Let try to opt for distance and direction with

$L1loss(y_1-y_0, y_{true})$

where $y_1=model(x_1)$

So I'm optimising for the hidden states to be the correct distance and direcioton away. It's like the margin raning loss.


links:
- [loading](https://github.com/deep-diver/LLM-As-Chatbot/blob/main/models/alpaca.py)
- [dict](https://github.com/deep-diver/LLM-As-Chatbot/blob/c79e855a492a968b54bac223e66dc9db448d6eba/model_cards.json#L143)
- [prompt_format](https://github.com/deep-diver/PingPong/blob/main/src/pingpong/alpaca.py)

In [1]:

import numpy as np
import pandas as pd
from matplotlib import pyplot as plt
plt.style.use('ggplot')

from typing import Optional, List, Dict, Union

import torch
import torch.nn as nn
import torch.nn.functional as F
from torch import Tensor
from torch import optim
from torch.utils.data import random_split, DataLoader, TensorDataset

from pathlib import Path

import transformers

import lightning.pytorch as pl
# from dataclasses import dataclass

from sklearn.linear_model import LogisticRegression
from sklearn.metrics import f1_score, roc_auc_score, accuracy_score
from sklearn.preprocessing import RobustScaler

from tqdm.auto import tqdm
import os

from loguru import logger
logger.add(os.sys.stderr, format="{time} {level} {message}", level="INFO")

transformers.__version__

'4.30.1'

# Dataset

In [2]:
from datasets import load_from_disk, concatenate_datasets
fs = [
    './.ds/model-starchat-beta_ds-amazon-polarity_format-guard-prompt_N23_3shots_088fb8'
]

# './.ds/HuggingFaceH4starchat_beta-None-N_8000-ns_3-mc_0.2-2ffc1e'
ds1 = concatenate_datasets([load_from_disk(f) for f in fs])
ds1

In [3]:
from src.datasets.load import ds2df

## Filter

In [4]:
# lets select only the ones where
df = ds2df(ds1)
df

In [5]:


# just select the question where the model knows the answer. 
d = df.query('version=="truth"').set_index("index")
# these are the ones where it got it right when asked to tell the truth
known_indices = d[d.llm_ans==d.true_answer].index

# convert to row numbers, and use datasets to select
known_rows = df['index'].isin(known_indices)
known_rows_i = df[known_rows].index

# also restrict it to significant permutations.
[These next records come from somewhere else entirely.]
Lemma leb_outer_halfspace_split i (c : R) (X : set V) :
  leb (X `&` [set x | (x i 0 < c)%R]) + leb (X `&` ~` [set x | (x i 0 < c)%R])
  <= leb X.
Proof.
have [->|Xoo] := eqVneq (leb X) +oo; first by rewrite leey.
have finX : leb X \is a fin_num by rewrite ge0_fin_numE ?leb_outer_ge0 // ltey.
apply/lee_addgt0Pr => e e_gt0.
have e2_gt0 : (0 < e / 2)%R by rewrite divr_gt0.
have [a [b [Xcov Xvol]]] := leb_outer_near_cover e2_gt0 finX.
pose eps k := (e / 2 / (2 ^ k.+1)%:R)%R.
have eps_gt0 k : (0 < eps k)%R by rewrite divr_gt0.
(* The two halves of the k-th box overlap in a slab of width [d k] and volume
   at most [eps k]. *)
pose d k := (eps k / (obox_face_vol (a k) (b k) i + 1))%R.
have d_gt0 k : (0 < d k)%R by rewrite divr_gt0 // ltr_wpDl ?obox_face_vol_ge0.
have below_cov : X `&` [set x | (x i 0 < c)%R] `<=`
    \bigcup_k obox (a k) (cv_set (b k) i (Num.min (b k i 0) c)%R).
  move=> x [/Xcov [k _ abx] xc]; exists k => //; exact: obox_cut_below.
have above_cov : X `&` ~` [set x | (x i 0 < c)%R] `<=`
    \bigcup_k obox (cv_set (a k) i (Num.max (a k i 0) (c - d k))%R) (b k).
  move=> x [/Xcov [k _ abx] /negP]; rewrite -leNgt => cx; exists k => //.
  by apply: obox_cut_above => //; rewrite ltrBlDr (le_lt_trans cx) // ltrDl.
apply: le_trans (leeD (leb_outer_le_cover below_cov) (leb_outer_le_cover above_cov)) _.
rewrite -nneseriesD => [|k _|k _]; try by rewrite lee_fin obox_vol_ge0.
apply: (@le_trans _ _ (\sum_(k <oo) ((obox_vol (a k) (b k))%:E + (eps k)%:E))).
  apply: lee_nneseries => [k _ _|k _].
    by rewrite adde_ge0 // lee_fin ?obox_vol_ge0 // ltW.
  rewrite -!EFinD lee_fin (le_trans (obox_vol_cut _ _ _ _ (d_gt0 k))) // lerD2l.
  rewrite /d mulrAC ler_pdivrMr ?ltr_wpDl ?obox_face_vol_ge0 //.
  by rewrite mulrDr mulr1 lerDl ltW.
apply: le_trans (epsilon_trick _ _ _) _ => [k||]; first by rewrite lee_fin obox_vol_ge0.
- exact: ltW.
- by apply: le_trans (leeD2r _ Xvol) _; rewrite -addeA -EFinD -splitr.
Qed.
(* Let $W_{\tilde{\boldsymbol{\delta}}}\equiv\mathbb{E}[Y_T(\tilde{\boldsymbol{\delta}}(\cdot))]$ for $\tilde{\boldsymbol{\delta}}(\cdot)\in\mathcal{D}_{stoch}$ and $W_{\boldsymbol{\delta}}\equiv E[Y_T(\boldsymbol{\delta}(\cdot))]$ for $\boldsymbol{\delta}(\cdot)\in\mathcal{D}$. Then $$\boldsymbol{\delta}^*(\cdot)\equiv\arg\max_{\boldsymbol{\delta}(\cdot)\in\mathcal{D}}W_{\boldsymbol{\delta}}=\arg\max_{\tilde{\boldsymbol{\delta}}(\cdot)\in\mathcal{D}_{stoch}}W_{\tilde{\boldsymbol{\delta}}}.$$
   Context: Fix $T\ge1$; $\boldsymbol{w}^t=(w_1,\dots,w_t)$. Binary potential outcomes $Y_t(\boldsymbol{d}^t)\in\{0,1\}$ are defined for each treatment history $\boldsymbol{d}^t\in\{0,1\}^t$, $t=1,\dots,T$. A deterministic dynamic regime is $\boldsymbol{\delta}(\cdot)=(\delta_1,\delta_2(\cdot),\dots,\delta_T(\cdot))$ with $\delta_t:\{0,1\}^{t-1}\times\{0,1\}^{t-1}\to\{0,1\}$; $\mathcal{D}$ is the set of all such regimes. The counterfactual outcome is $Y_T(\boldsymbol{\delta}(\cdot))=Y_T(\boldsymbol{d})$ where $d_1=\delta_1$ and $d_t=\delta_t(\boldsymbol{Y}^{t-1}(\boldsymbol{d}^{t-1}),\boldsymbol{d}^{t-1})$ for $t\ge2$. A stochastic dynamic regime is $\tilde{\boldsymbol{\delta}}(\cdot)=(\tilde\delta_1,\dots,\tilde\delta_T(\cdot))$ whose rules take values in $[0,1]$ (probability of treatment) given the past outcomes and treatments; $\mathcal{D}_{stoch}$ is the set of all such regimes, so $\mathcal{D}\subset\mathcal{D}_{stoch}$. $Y_T(\tilde{\boldsymbol{\delta}}(\cdot))$ is the counterfactual outcome $Y_T(\boldsymbol{\delta}(\cdot))$ where, for every $t\le T$, the deterministic rule value $\delta_t(\cdot)=1$ is randomly assigned with probability $\tilde\delta_t(\cdot)$ and $\delta_t(\cdot)=0$ otherwise; $\mathbb{E}$ denotes expectation over the counterfactual outcomes and this randomization. *)

From HB Require Import structures.
From mathcomp Require Import all_boot all_order all_algebra.
Set Implicit Arguments. Unset Strict Implicit. Unset Printing Implicit Defensive.
Import Order.TTheory GRing.Theory Num.Theory.
Local Open Scope ring_scope.

(* Periods are indexed by i : 'I_T, period i stands for t = i+1.
   A history of length i (for period i+1) is an i.-tuple bool. *)

(* Deterministic dynamic regime: delta_{i+1} : {0,1}^i (past outcomes)
   x {0,1}^i (past treatments) -> {0,1}.  D is this finite type. *)
Definition regime (T : nat) :=
  {dffun forall i : 'I_T, {ffun i.-tuple bool * i.-tuple bool -> bool}}.

(* Stochastic dynamic regime: rules with values (probability of treatment). *)
Definition stoch_regime (R : realFieldType) (T : nat) :=
  forall i : 'I_T, i.-tuple bool * i.-tuple bool -> R.

Definition is_stoch (R : realFieldType) (T : nat) (sd : stoch_regime R T) :=
  forall i h, 0 <= sd i h <= 1.

Definition embed (R : realFieldType) (T : nat) (d : regime T) : stoch_regime R T :=
  fun i h => (d i h)%:R.

Definition tup (k : nat) (s : seq bool) : k.-tuple bool :=
  insubd (nseq_tuple k false) s.

(* Potential outcomes: for each state w of the (finite) sample space,
   Y w i dh = Y_{i+1}(d^{i+1}) with dh : (i+1).-tuple bool. *)
Section Path.
Variables (T : nat) (Omega : finType)
  (Y : Omega -> forall i : 'I_T, i.+1.-tuple bool -> bool).

(* (treatments d^n, outcomes Y^n(d^n)) generated by regime d after n steps *)
Fixpoint path (w : Omega) (d : regime T) (n : nat) : seq bool * seq bool :=
  match n with
  | 0 => ([::], [::])
  | n'.+1 =>
    let: (ds, ys) := path w d n' in
    let dn := match (insub n' : option 'I_T) with
              | Some i => d i (@tup i ys, @tup i ds)
              | None => false end in
    let ds' := rcons ds dn in
    let yn := match (insub n' : option 'I_T) with
              | Some i => @Y w i (@tup (i.+1) ds')
              | None => false end in
    (ds', rcons ys yn)
  end.

Definition YT (w : Omega) (d : regime T) : bool := last false (path w d T).2.

End Path.

(* W_delta = E[Y_T(delta(.))], with p the probability mass function of the
   joint distribution of potential outcomes. *)
Definition W (R : realFieldType) (T : nat) (Omega : finType) (p : Omega -> R)
  (Y : Omega -> forall i : 'I_T, i.+1.-tuple bool -> bool) (d : regime T) : R :=
  \sum_(w : Omega) p w * (YT Y w d)%:R.

(* probability that the independent randomization of every rule value
   delta_t(h) := 1 w.p. sd_t(h) produces the deterministic regime d *)
Definition rand_weight (R : realFieldType) (T : nat) (sd : stoch_regime R T)
  (d : regime T) : R :=
  \prod_(i : 'I_T) \prod_(h : i.-tuple bool * i.-tuple bool)
     (if d i h then sd i h else 1 - sd i h).

(* W_{sd} = E[Y_T(sd(.))]: expectation over potential outcomes and
   the randomization (independent of the potential outcomes). *)
Definition Wstoch (R : realFieldType) (T : nat) (Omega : finType) (p : Omega -> R)
  (Y : Omega -> forall i : 'I_T, i.+1.-tuple bool -> bool)
  (sd : stoch_regime R T) : R :=
  \sum_(d : regime T) rand_weight sd d * W p Y d.

From HB Require Import structures.
From mathcomp Require Import all_boot all_order all_algebra.
Import Order.TTheory GRing.Theory Num.Theory.
Set Implicit Arguments.
Unset Strict Implicit.
Unset Printing Implicit Defensive.
Local Open Scope ring_scope.

(* Randomizing every rule value independently turns a stochastic regime into a
   probability distribution over deterministic regimes, so W of a stochastic
   regime is a convex combination of the W d and cannot exceed their maximum.
   A deterministic regime, seen as a stochastic one, puts all its mass on
   itself, so it attains the maximum over stochastic regimes as well.  No
   property of p or of T is needed. *)

Section BernoulliWeights.
Variables (R : comNzRingType) (K : finType) (q : K -> R).

Definition bernoulli_weight (f : {ffun K -> bool}) : R :=
  \prod_k (if f k then q k else 1 - q k).

Lemma sum_bernoulli_weight : \sum_f bernoulli_weight f = 1.
Proof.
rewrite -(bigA_distr_bigA (fun k (b : bool) => if b then q k else 1 - q k)).
by apply: big1 => k _; rewrite big_bool /= addrC subrK.
Qed.

End BernoulliWeights.

Lemma bernoulli_weight_ge0 (R : numDomainType) (K : finType) (q : K -> R) f :
  (forall k, 0 <= q k <= 1) -> 0 <= bernoulli_weight q f.
Proof.
move=> q01; apply: prodr_ge0 => k _; have /andP[q_ge0 q_le1] := q01 k.
by case: (f k); rewrite ?subr_ge0.
Qed.

Lemma bernoulli_weight_nat (R : comNzRingType) (K : finType) (q : K -> R)
    (g f : {ffun K -> bool}) :
  (forall k, q k = (g k)%:R) -> bernoulli_weight q f = (f == g)%:R.
Proof.
move=> qE; have [-> | /eqP neq_fg] := eqVneq f g.
  by apply: big1 => k _; rewrite qE; case: (g k); rewrite ?subr0.
have [k neq_k] : exists k, f k != g k.
  apply/existsP; rewrite -negb_forall; apply/negP => /forallP eq_fg.
  by apply: neq_fg; apply/ffunP => k; apply/eqP.
rewrite /bernoulli_weight (bigD1 k) //=.
by rewrite qE; move: neq_k; case: (f k); case: (g k) => //= _; rewrite ?subrr mul0r.
Qed.

Section FlattenRegime.
Variable T : nat.

Definition rule_history (i : 'I_T) : Type := (i.-tuple bool * i.-tuple bool)%type.

(* A regime is a boolean per rule value, i.e. a function on [rule_index]. *)
Definition rule_index := {i : 'I_T & rule_history i}.

Definition flatten_regime (d : regime T) : {ffun rule_index -> bool} :=
  [ffun x => d (tag x) (tagged x)].

Definition unflatten_regime (f : {ffun rule_index -> bool}) : regime T :=
  [ffun i => [ffun h => f (Tagged rule_history h)]].

Lemma flatten_regimeK : cancel flatten_regime unflatten_regime.
Proof. by move=> d; apply/ffunP => i; apply/ffunP => h; rewrite !ffunE. Qed.

Lemma unflatten_regimeK : cancel unflatten_regime flatten_regime.
Proof. by move=> f; apply/ffunP => -[i h]; rewrite !ffunE. Qed.

Definition flatten_stoch (R : realFieldType) (sd : stoch_regime R T) : rule_index -> R :=
  fun x => sd (tag x) (tagged x).

Lemma rand_weight_flatten (R : realFieldType) (sd : stoch_regime R T) d :
  rand_weight sd d = bernoulli_weight (flatten_stoch sd) (flatten_regime d).
Proof.
rewrite /rand_weight (@sig_big_dep _ _ _ _ rule_history xpredT (fun=> xpredT)
  (fun i h => if d i h then sd i h else 1 - sd i h)) /=.
by apply: eq_bigr => x _; rewrite ffunE.
Qed.

End FlattenRegime.

Section RandWeight.
Variables (R : realFieldType) (T : nat).

Lemma rand_weight_ge0 (sd : stoch_regime R T) d : is_stoch sd -> 0 <= rand_weight sd d.
Proof. by move=> sd01; rewrite rand_weight_flatten; apply: bernoulli_weight_ge0 => -[]. Qed.

Lemma sum_rand_weight (sd : stoch_regime R T) : \sum_(d : regime T) rand_weight sd d = 1.
Proof.
rewrite (reindex (@unflatten_regime T)); last first.
  by exists (@flatten_regime T) => f _; [exact: unflatten_regimeK | exact: flatten_regimeK].
under eq_bigr => f _ do rewrite rand_weight_flatten unflatten_regimeK.
exact: sum_bernoulli_weight.
Qed.

Lemma rand_weight_embed (d0 d : regime T) : rand_weight (embed R d0) d = (d == d0)%:R.
Proof.
rewrite rand_weight_flatten (bernoulli_weight_nat (g := flatten_regime d0)).
  by rewrite (inj_eq (can_inj (@flatten_regimeK T))).
by move=> x; rewrite ffunE.
Qed.

End RandWeight.

Lemma embed_is_stoch (R : realFieldType) (T : nat) (d : regime T) : is_stoch (embed R d).
Proof. by move=> i h; rewrite /embed; case: (d i h); rewrite /= ?lexx ?ler01. Qed.

Section StochasticWelfare.
Variables (R : realFieldType) (T : nat) (Omega : finType) (p : Omega -> R)
  (Y : Omega -> forall i : 'I_T, i.+1.-tuple bool -> bool).

Lemma Wstoch_embed (d : regime T) : Wstoch p Y (embed R d) = W p Y d.
Proof.
rewrite /Wstoch (bigD1 d) //= rand_weight_embed eqxx mul1r big1 ?addr0 // => d' /negPf neq_d'.
by rewrite rand_weight_embed neq_d' mul0r.
Qed.

Lemma Wstoch_le_bound (sd : stoch_regime R T) (M : R) :
  is_stoch sd -> (forall d, W p Y d <= M) -> Wstoch p Y sd <= M.
Proof.
move=> sd01 W_le_M; rewrite -[M]mul1r -(sum_rand_weight sd) mulr_suml.
by apply: ler_sum => d _; apply: ler_wpM2l; [exact: rand_weight_ge0 | exact: W_le_M].
Qed.

End StochasticWelfare.

Theorem theorem3 (R : realFieldType) (T : nat) (hT : (0 < T)%N)
  (Omega : finType) (p : Omega -> R)
  (p_ge0 : forall w, 0 <= p w) (p_sum1 : \sum_(w : Omega) p w = 1)
  (Y : Omega -> forall i : 'I_T, i.+1.-tuple bool -> bool)
  (dstar : regime T) :
  (forall d : regime T, W p Y d <= W p Y dstar) ->
  is_stoch (embed R dstar) /\
  (forall sd : stoch_regime R T, is_stoch sd ->
     Wstoch p Y sd <= Wstoch p Y (embed R dstar)) /\
  Wstoch p Y (embed R dstar) = W p Y dstar.
Proof.
move=> dstar_max; split; first exact: embed_is_stoch.
rewrite Wstoch_embed; split=> // sd sd01.
exact: Wstoch_le_bound.
Qed.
That is monte carlo dropout pairs, where the answer changes by more than X%
m = np.abs(df.ans1-df.ans2)>0.10
significant_rows = m[m].index

allowed_rows_i = set(known_rows_i).intersection(significant_rows)
ds = ds1.select(allowed_rows_i)
ds

## Transform: Normalize by activation

In [6]:
# N = 1000
# small_ds = ds.select(range(N))
# b = N
# hs1 = small_ds['hs1'].reshape((b, -1))

# scaler = RobustScaler()
# hs2 = scaler.fit_transform(hs1)

# def normalize_hs(hs1, hs2):
#     b = len(hs1)
#     hs1 = scaler.transform(hs1.reshape((b, -1)))
#     hs2 = scaler.transform(hs2.reshape((b, -1)))
#     return {'hs1':hs1, 'hs2': hs2}

# # # Plot
# # plt.hist(hs1.flatten(), bins=155, range=[-5, 5], label='before', histtype='step')
# # plt.hist(hs2.flatten(), bins=155, range=[-5, 5], label='after', histtype='step')
# # plt.legend()
# # plt.show()

# # # Test
# # small_dataset = ds.select(range(4))
# # small_dataset.map(normalize_hs, batched=True, batch_size=2, input_columns=['hs1', 'hs2'])

# # run
# ds = ds.map(normalize_hs, batched=True, input_columns=['hs1', 'hs2'])
# ds

## Lightning DataModule

In [7]:
df = ds2df(ds)
df.head(4)

What are we detecting? If the right example of the pair is more deceptive.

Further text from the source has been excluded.